Task goal: Lines before the one containing "move=> ipP _" are left out; that line and all after it, through the end of the records, must be transcribed exactly.

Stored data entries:

Theorem proposition4p7 (R : realType) (H : completeNormedModType R)
  (ip : H -> H -> R) (C : set H) (F : H -> H) (DF : H -> H -> H)
  (L sigma theta eta : R) (x y nu : nat -> H) (lam : nat -> R) :
  is_inner_product ip ->
  C !=set0 -> closed C -> is_convex_set C ->
  monotone_on ip C F ->
  bounded_linear_on C DF -> frechet_deriv_on C F DF ->
  0 < L -> lipschitz_deriv_on C DF L ->
  (exists2 xs, C xs & exists2 v, normal_cone ip C xs v & F xs + v = 0) ->
  0 <= sigma -> sigma < 1 / 2 ->
  0 < theta -> theta < (1 - sigma) * (1 - 2 * sigma) ->
  2 * theta_hat sigma theta / L < eta ->
  algorithm2 ip C F DF L sigma theta eta x y nu lam ->
  forall k : nat, lam k.+1 * `|y k.+1 - x k| < eta ->
    normal_cone ip C (y k.+1) (nu k.+1) /\
    `|F (y k.+1) + nu k.+1| <= (2 * theta_hat sigma theta / L + eta) / lam k.+1 ^+ 2.
Proof.
move=> ipP _ _ convC monoF linDF derF L_gt0 lipDF _.
exact: (algorithm2_bound ipP convC monoF linDF derF lipDF L_gt0).
Qed.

Response below:
move=> ipP _ _ convC monoF linDF derF L_gt0 lipDF _.
exact: (algorithm2_bound ipP convC monoF linDF derF lipDF L_gt0).
Qed.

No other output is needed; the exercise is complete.